Calling NtDelayExecution as indirect syscall

let large = 0x8000000000000000 as u64; // Sleep indefinitely
let large: *mut i64 = std::mem::transmute(&large);
let alertable = false;
let ntstatus: PVOID = unwinder::indirect_syscall!("NtDelayExecution", alertable, large);
println!("ntstatus: {:x}", ntstatus as usize);

Notice that the macro returns a PVOID that can be used to retrieve the NTSTATUS returned by NtDelayExecution.

Concatenate macro calls

The spoofing process can be concatenated any number of times without an abnormal call stack size increment. The execution flow will be preserved as well.

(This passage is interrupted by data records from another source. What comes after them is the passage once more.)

(* Take a fixed v meeting x that is minimal among such elements.  A fixed d < v
   disjoint from x cannot be nonzero, since then v /\ ~d would be a smaller one. *)
Lemma minimal_meet_exists i x : x != ⊥ -> exists2 m, is_minimal o i m & m ⊓ x != ⊥.
Proof.
move=> x0; pose S v := (◇ i v == v) && (v ⊓ x != ⊥).
have S_dia : S (◇ i x).
  by rewrite /S hdia_id // eqxx (hmeetC Hh) (hmeet_idPl (hle_dia Hm _ _)).
have [v /andP[/eqP v_fixed vx0] v_min] :=
  exists_lt_minimal (@hlt_irr _ _ o) (hlt_trans Hh) S_dia.
exists v => //; apply/and3P; split; [|by rewrite v_fixed|].
  by apply: contraNneq vx0 => ->; apply/eqP; hlatE.
apply/forallP => d; apply/implyP => /andP[dv /eqP d_fixed].
have dx0 : d ⊓ x = ⊥.
  by move: (v_min d); rewrite /S d_fixed eqxx /= negbK => /(_ _)/eqP; apply.
set v' := v ⊓ hneg o d.
have v'v : v' = v.
  apply/eqP/negPn/negP => v'v.
  have lt_v'v : hlt o v' v by rewrite /hlt v'v (hleIl Hh).
  apply: (negP (v_min v' lt_v'v)).
  rewrite /S hdia_fixedI ?hdia_fixed_neg // eqxx /=.
  apply: contraNneq vx0 => v'x0; apply/eqP/(hlex0 Hh); rewrite -v'x0.
  apply: (hlexI Hh); last by hlat.
  apply: (hlexI Hh); first by hlat.
  by rewrite /hneg (hle_imp Hh) -dx0; hlat.
have : d ≤ hneg o d.
  by case/andP: dv => dv _; rewrite -v'v in dv; apply: (hle_trans Hh) dv (hleIr Hh _ _).
by rewrite /hneg (hle_imp Hh) (hmeetxx Hh) => /(hlex0 Hh) ->.
Qed.
End Minimal.

Section Product.
Variables (Ag : Type) (A : finType) (o : hops Ag A) (E : finType) (sim : Ag -> rel E).
Hypothesis sim_equiv : equivalence_family sim.
Hypothesis Hm : is_monadic o.
Let Hh : is_heyting o := Hm.1.

Local Notation "x ⊓ y" := (hmeet o x y) (at level 40, left associativity).
Local Notation "x ⊔ y" := (hjoin o x y) (at level 45, left associativity).
Local Notation "x ≤ y" := (hle o x y) (at level 70).
Local Notation "⊥" := (hbot o).
Local Notation "⊤" := (htop o).
Local Notation "x ⇒ y" := (himp o x y) (at level 55, right associativity).
Local Notation "◇" := (hdia o).
Local Notation "□" := (hbox o).
Local Notation po := (pops o sim).

Lemma sim_refl i e : sim i e e. Proof. by have [refl _] := sim_equiv i. Qed.
Lemma sim_sym i e e' : sim i e e' -> sim i e' e.
Proof. by have [_ [symm _]] := sim_equiv i; apply: symm. Qed.
Lemma sim_trans i e1 e2 e3 : sim i e1 e2 -> sim i e2 e3 -> sim i e1 e3.
Proof. by have [_ [_ trans]] := sim_equiv i; apply: trans. Qed.

Lemma sim_class i e e' : sim i e e' -> sim i ^~ e =1 sim i ^~ e'.
Proof.
by move=> ee' x; apply/idP/idP => xe; [apply: sim_trans xe ee' | apply: sim_trans xe (sim_sym ee')].
Qed.

Lemma pmeetE (f g : {ffun E -> A}) e : hmeet po f g e = f e ⊓ g e.
Proof. by rewrite ffunE. Qed.
Lemma pjoinE (f g : {ffun E -> A}) e : hjoin po f g e = f e ⊔ g e.
Proof. by rewrite ffunE. Qed.
Lemma pimpE (f g : {ffun E -> A}) e : himp po f g e = f e ⇒ g e.
Proof. by rewrite ffunE. Qed.
Lemma pbotE e : hbot po e = ⊥. Proof. by rewrite ffunE. Qed.
Lemma ptopE e : htop po e = ⊤. Proof. by rewrite ffunE. Qed.
Lemma pdiaE i (f : {ffun E -> A}) e :
  hdia po i f e = \big[hjoin o/⊥]_(e' | sim i e' e) ◇ i (f e').
Proof. by rewrite ffunE. Qed.
Lemma pboxE i (f : {ffun E -> A}) e :
  hbox po i f e = \big[hmeet o/⊤]_(e' | sim i e' e) □ i (f e').
Proof. by rewrite ffunE. Qed.

Lemma pleP (f g : {ffun E -> A}) : reflect (forall e, f e ≤ g e) (hle po f g).
Proof.
apply: (iffP eqP) => [fg e | fg]; last by apply/ffunP => e; rewrite pmeetE; apply/eqP/fg.
by apply/eqP; rewrite -pmeetE fg.
Qed.

Lemma pdia_fixed i (f : {ffun E -> A}) e : ◇ i (hdia po i f e) = hdia po i f e.
Proof. by rewrite pdiaE; apply: (hdia_fixed_joins Hm) => j _; apply: hdia_id. Qed.
Lemma pdia_class i (f : {ffun E -> A}) e e' :
  sim i e e' -> hdia po i f e = hdia po i f e'.
Proof. by move=> ee'; rewrite !pdiaE; apply: eq_bigl; apply: sim_class. Qed.
Lemma pbox_class i (f : {ffun E -> A}) e e' :
  sim i e e' -> hbox po i f e = hbox po i f e'.
Proof. by move=> ee'; rewrite !pboxE; apply: eq_bigl; apply: sim_class. Qed.

Lemma pops_heyting : is_heyting po.
Proof.
split; first by move=> f g h; apply/ffunP => e; rewrite !ffunE (hmeetA Hh).
split; first by move=> f g; apply/ffunP => e; rewrite !ffunE (hmeetC Hh).
split; first by move=> f g h; apply/ffunP => e; rewrite !ffunE (hjoinA Hh).
split; first by move=> f g; apply/ffunP => e; rewrite !ffunE (hjoinC Hh).
split; first by move=> f g; apply/ffunP => e; rewrite !ffunE (hmeetKU Hh).
split; first by move=> f g; apply/ffunP => e; rewrite !ffunE (hjoinKI Hh).
split; first by move=> f; apply/ffunP => e; rewrite !ffunE (hmeetx1 Hh).
split; first by move=> f; apply/ffunP => e; rewrite !ffunE (hjoinx0 Hh).
by move=> f g h; apply/pleP/pleP => fgh e; move: (fgh e); rewrite !ffunE (hle_imp Hh).
Qed.

Lemma le_class_joins i e (F : E -> A) e' :
  sim i e' e -> F e' ≤ \big[hjoin o/⊥]_(e'' | sim i e'' e) F e''.
Proof. exact: hle_joins. Qed.
Lemma class_meets_le i e (F : E -> A) e' :
  sim i e' e -> \big[hmeet o/⊤]_(e'' | sim i e'' e) F e'' ≤ F e'.
Proof. exact: hmeets_le. Qed.

Lemma pbox_imp i (f g : {ffun E -> A}) :
  hle po (hbox po i (himp po f g)) (himp po (hbox po i f) (hbox po i g)).
Proof.
apply/pleP => e; rewrite pimpE !pboxE (hle_imp Hh); apply: (hle_meets Hh) => e' e'e.
have := class_meets_le (fun e' => □ i (himp po f g e')) e'e; rewrite pimpE => fg_le.
apply: (hle_trans Hh) (hleI2 Hh fg_le (class_meets_le (fun e' => □ i (f e')) e'e)) _.
by rewrite -(hle_imp Hh); apply: hbox_imp.
Qed.
Definition preserved_by_extensions (phi : form tau) : Prop :=
  forall B C (h : B -> C), embedding h -> models B phi -> models C phi.

Lemma preserved_of_vartheta phi : sentence phi ->
  (forall A, vartheta_sat A phi <-> models A phi) -> preserved_by_extensions phi.
Proof.
move=> phis vphi B C h h_emb Bphi; apply/vphi.
by do 3 eexists; exact: models_image h_emb phis Bphi.
Qed.

Lemma vartheta_sat_of_models A phi : sentence phi -> models A phi -> vartheta_sat A phi.
Proof. by move=> phis Aphi; exists (fun=> True), (witness A), I; apply/models_submodelT. Qed.

Lemma preserved_sigma01 psi : sigma01 psi -> preserved_by_extensions psi.
Proof.
move=> [psis [xs [p [pq psiE]]]] B C h h_emb; subst psi.
rewrite !modelsP // => -[e /(sat_Exs_embedding h_emb pq) he].
by exists (fun n => h (e n)).
Qed.

Lemma vartheta_of_existential phi : sentence phi ->
  (exists psi, sigma01 psi /\ log_equiv phi psi) ->
  expressed_by (fun A => vartheta_sat A phi) phi.
Proof.
move=> phis [psi [psi01 phipsi]]; split=> // A.
split=> [[P [a0 [hP /phipsi Ppsi]]]|]; last exact: vartheta_sat_of_models.
by apply/phipsi; apply: preserved_sigma01 psi01 _ _ _ (val_embedding hP) Ppsi.
Qed.

Fixpoint var_bound (f : form tau) : nat :=
  match f with
  | FBot => 0
  | FEq x y => (maxn x y).+1
  | FRel r v => \max_(i < arity r) (v i).+1
  | FNeg g => var_bound g
  | FAnd g h | FOr g h | FImp g h => maxn (var_bound g) (var_bound h)
  | FEx y g | FAll y g => maxn y.+1 (var_bound g)
  end.

Lemma free_var_bound x f : free x f -> x < var_bound f.
Proof.
elim: f => [|y z|r v|g IH|g IH k IH'|g IH k IH'|g IH k IH'|y g IH|y g IH] //=.
- by case=> ->; rewrite ltnS ?leq_maxl ?leq_maxr.
- by case=> i <-; apply: leq_trans (leq_bigmax i).
- by case=> [/IH|/IH'] fx; apply: leq_trans fx _; rewrite ?leq_maxl ?leq_maxr.
- by case=> [/IH|/IH'] fx; apply: leq_trans fx _; rewrite ?leq_maxl ?leq_maxr.
- by case=> [/IH|/IH'] fx; apply: leq_trans fx _; rewrite ?leq_maxl ?leq_maxr.
- by case=> _ /IH fx; apply: leq_trans fx _; rewrite leq_maxr.
- by case=> _ /IH fx; apply: leq_trans fx _; rewrite leq_maxr.
Qed.

Definition in_vars (y : nat) (zs : seq nat) : form tau :=
  foldr (fun z g => FOr (FEq tau y z) g) (FBot tau) zs.

Lemma sat_in_vars A (e : nat -> A) y zs :
  sat e (in_vars y zs) <-> exists2 z, z \in zs & e y = e z.
Proof.
elim: zs => [|z zs IH] /=; first by split=> [|[]].
rewrite IH; split=> [[yz|[w wzs yw]]|[w]].
- by exists z; rewrite ?mem_head.
- by exists w; rewrite // in_cons wzs orbT.
- by rewrite in_cons => /orP [/eqP -> ->|wzs yw]; [left|right; exists w].
Qed.
(* Let $\lambda\ge0$, $n\ge0$ an integer and $x\in[-1,1]$. Then $$I^\lambda_+C^{\lambda+1/2}_n(x)=c_{n,\lambda}\frac{\lambda+\frac12}{\lambda+n+\frac12}(1+x)\,{}_2F_1\!\Big(-n,\,n+2\lambda+1;\,\lambda+\tfrac12;\,\tfrac{1-x}2\Big),$$ $$I^\lambda_-C^{\lambda+1/2}_n(x)=c_{n,\lambda}(1-x)\,{}_2F_1\!\Big(-n,\,n+2\lambda+1;\,\lambda+\tfrac32;\,\tfrac{1-x}2\Big),$$ where $c_{n,\lambda}=\frac{\sqrt\pi(2\lambda+1)_n}{n!}\frac{\Gamma(\lambda+1)}{\Gamma(\lambda+\frac32)}$.
   Context: $C^\mu_n$ are Gegenbauer polynomials with generating function $(1-2xr+r^2)^{-\mu}$; ${}_2F_1$ is the Gauss hypergeometric function (terminating here) and $(a)_k$ the Pochhammer symbol. For $f\in L^1[-1,1]$ and $\lambda\ge0$: $I^\lambda_+f(x)=(1+x)^{-\lambda+1/2}\int_{-1}^x(x-\tau)^{-1/2}(1+\tau)^\lambda f(\tau)\,d\tau$, $I^\lambda_-f(x)=(1-x)^{-\lambda+1/2}\int_x^1(\tau-x)^{-1/2}(1-\tau)^\lambda f(\tau)\,d\tau$. *)

From Stdlib Require Import Reals Lra Lia Arith ClassicalEpsilon.
Open Scope R_scope.

Fixpoint poch (a : R) (k : nat) : R :=
  match k with
  | O => 1
  | S k' => poch a k' * (a + INR k')
  end.

(* Power x^a for x >= 0, with the convention 0^a = 0 for a <> 0, 0^0 = 1. *)
Definition rpow (x a : R) : R :=
  if Req_EM_T x 0 then (if Req_EM_T a 0 then 1 else 0) else Rpower x a.

(* Gegenbauer polynomial C^mu_n(x): coefficient of r^n in (1-2xr+r^2)^(-mu),
   i.e. sum_{k <= n/2} (-1)^k (mu)_{n-k} / (k! (n-2k)!) (2x)^(n-2k). *)
Definition gegenbauer (mu : R) (n : nat) (x : R) : R :=
  sum_f_R0 (fun k => (-1) ^ k * poch mu (n - k)
                       / (INR (Factorial.fact k) * INR (Factorial.fact (n - 2 * k))) * (2 * x) ^ (n - 2 * k))
           (Nat.div2 n).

The following code is an example of this:

fn main()
{
	function_a();
}

fn function_a()
{
	unsafe
	{
		let func_b = function_b as usize;
		call_function!(func_b);
		println!("function_a done.");
	}
}

fn function_b()
{
	unsafe
	{
		let func_c = function_c as usize;
		call_function!(func_c);
		println!("function_b done.")
	}
}

fn function_c()
{
	unsafe
	{
		let large = 0x0000000000000000 as u64; // Don't sleep so we return to function_b, allowing to check the execution flow preservation.
		let large: *mut i64 = std::mem::transmute(&large);
		let alertable = false;
		let ntstatus = indirect_syscall!("NtDelayExecution", alertable, large);
		println!("ntstatus: {:x}", (ntstatus as usize) as i32); //NTSTATUS is a i32, although that second casting is not really required in this case.
	}
}

Considerations

Initial frame

By default, the spoofing process will try to keep the thread start address' frame in the call stack to increase legitimacy.

Sometimes, the thread's start function does not perform a call to a subsequent function (e.g. a jmp instruction is executed instead), meaning there is not return address pushed to the stack. In that scenario, the spoofed call stack will start at BaseThreadInitThunk's frame.